BEGIN

Lemma phi_per_half h x :
  phi_per h x = phi_half h (2 * PI) x + phi_half h (2 * PI) (2 * PI - x).
Proof.
  unfold phi_per, phi_half; f_equal; apply Series_ext; intros k.
  rewrite <- phi_even; f_equal; rewrite S_INR; ring.
Qed.

Lemma is_derive_phi_per h x : 0 < h ->
  is_derive (phi_per h) x (dphi_half h (2 * PI) x - dphi_half h (2 * PI) (2 * PI - x)).
Proof.
  intros Hh; pose proof PI_RGT_0.
  apply (is_derive_ext (fun t => phi_half h (2 * PI) t + phi_half h (2 * PI) (2 * PI - t)));
    [intros t; symmetry; apply phi_per_half|].
  apply (is_derive_plus (phi_half h (2 * PI)) (fun t => phi_half h (2 * PI) (2 * PI - t)) x).
  - apply is_derive_phi_half; lra.
  - replace (- dphi_half h (2 * PI) (2 * PI - x))
      with (scal (-1) (dphi_half h (2 * PI) (2 * PI - x)))
      by (unfold scal; simpl; unfold mult; simpl; ring).
    apply (is_derive_comp (phi_half h (2 * PI)) (fun t => 2 * PI - t));
      [apply is_derive_phi_half; lra|auto_derive; [easy|ring]].
Qed.

Lemma phi_trunc_of_nat h c x :
  phi_trunc h (Z.of_nat c) x = sum_n (fun k => phi h (x + 2 * PI * (INR k - INR c))) (2 * c).
Proof.
  unfold phi_trunc; replace (Z.of_nat c <? 0)%Z with false by (symmetry; apply Z.ltb_ge; lia).
  rewrite Nat2Z.id; apply sum_n_ext; intros k.
  rewrite minus_IZR, <- !INR_IZR_INZ; reflexivity.
Qed.

Lemma is_derive_phi_trunc h c x : 0 < h ->
  is_derive (phi_trunc h (Z.of_nat c)) x
    (sum_n (fun k => dphi h (x + 2 * PI * (INR k - INR c))) (2 * c)).
Proof.
  intros Hh.
  apply (is_derive_ext (fun t => sum_n (fun k => phi h (t + 2 * PI * (INR k - INR c))) (2 * c)));
    [intros t; symmetry; apply phi_trunc_of_nat|].
  apply (@is_derive_sum_n _ R_NormedModule (fun k t => phi h (t + 2 * PI * (INR k - INR c))));
    intros k _; apply is_derive_shift, is_derive_phi, Hh.
Qed.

END

An identical copy of the entries above is the expected result.

*Output below*.
Lemma phi_per_half h x :
  phi_per h x = phi_half h (2 * PI) x + phi_half h (2 * PI) (2 * PI - x).
Proof.
  unfold phi_per, phi_half; f_equal; apply Series_ext; intros k.
  rewrite <- phi_even; f_equal; rewrite S_INR; ring.
Qed.

Lemma is_derive_phi_per h x : 0 < h ->
  is_derive (phi_per h) x (dphi_half h (2 * PI) x - dphi_half h (2 * PI) (2 * PI - x)).
Proof.
  intros Hh; pose proof PI_RGT_0.
  apply (is_derive_ext (fun t => phi_half h (2 * PI) t + phi_half h (2 * PI) (2 * PI - t)));
    [intros t; symmetry; apply phi_per_half|].
  apply (is_derive_plus (phi_half h (2 * PI)) (fun t => phi_half h (2 * PI) (2 * PI - t)) x).
  - apply is_derive_phi_half; lra.
  - replace (- dphi_half h (2 * PI) (2 * PI - x))
      with (scal (-1) (dphi_half h (2 * PI) (2 * PI - x)))
      by (unfold scal; simpl; unfold mult; simpl; ring).
    apply (is_derive_comp (phi_half h (2 * PI)) (fun t => 2 * PI - t));
      [apply is_derive_phi_half; lra|auto_derive; [easy|ring]].
Qed.

Lemma phi_trunc_of_nat h c x :
  phi_trunc h (Z.of_nat c) x = sum_n (fun k => phi h (x + 2 * PI * (INR k - INR c))) (2 * c).
Proof.
  unfold phi_trunc; replace (Z.of_nat c <? 0)%Z with false by (symmetry; apply Z.ltb_ge; lia).
  rewrite Nat2Z.id; apply sum_n_ext; intros k.
  rewrite minus_IZR, <- !INR_IZR_INZ; reflexivity.
Qed.

Lemma is_derive_phi_trunc h c x : 0 < h ->
  is_derive (phi_trunc h (Z.of_nat c)) x
    (sum_n (fun k => dphi h (x + 2 * PI * (INR k - INR c))) (2 * c)).
Proof.
  intros Hh.
  apply (is_derive_ext (fun t => sum_n (fun k => phi h (t + 2 * PI * (INR k - INR c))) (2 * c)));
    [intros t; symmetry; apply phi_trunc_of_nat|].
  apply (@is_derive_sum_n _ R_NormedModule (fun k t => phi h (t + 2 * PI * (INR k - INR c))));
    intros k _; apply is_derive_shift, is_derive_phi, Hh.
Qed.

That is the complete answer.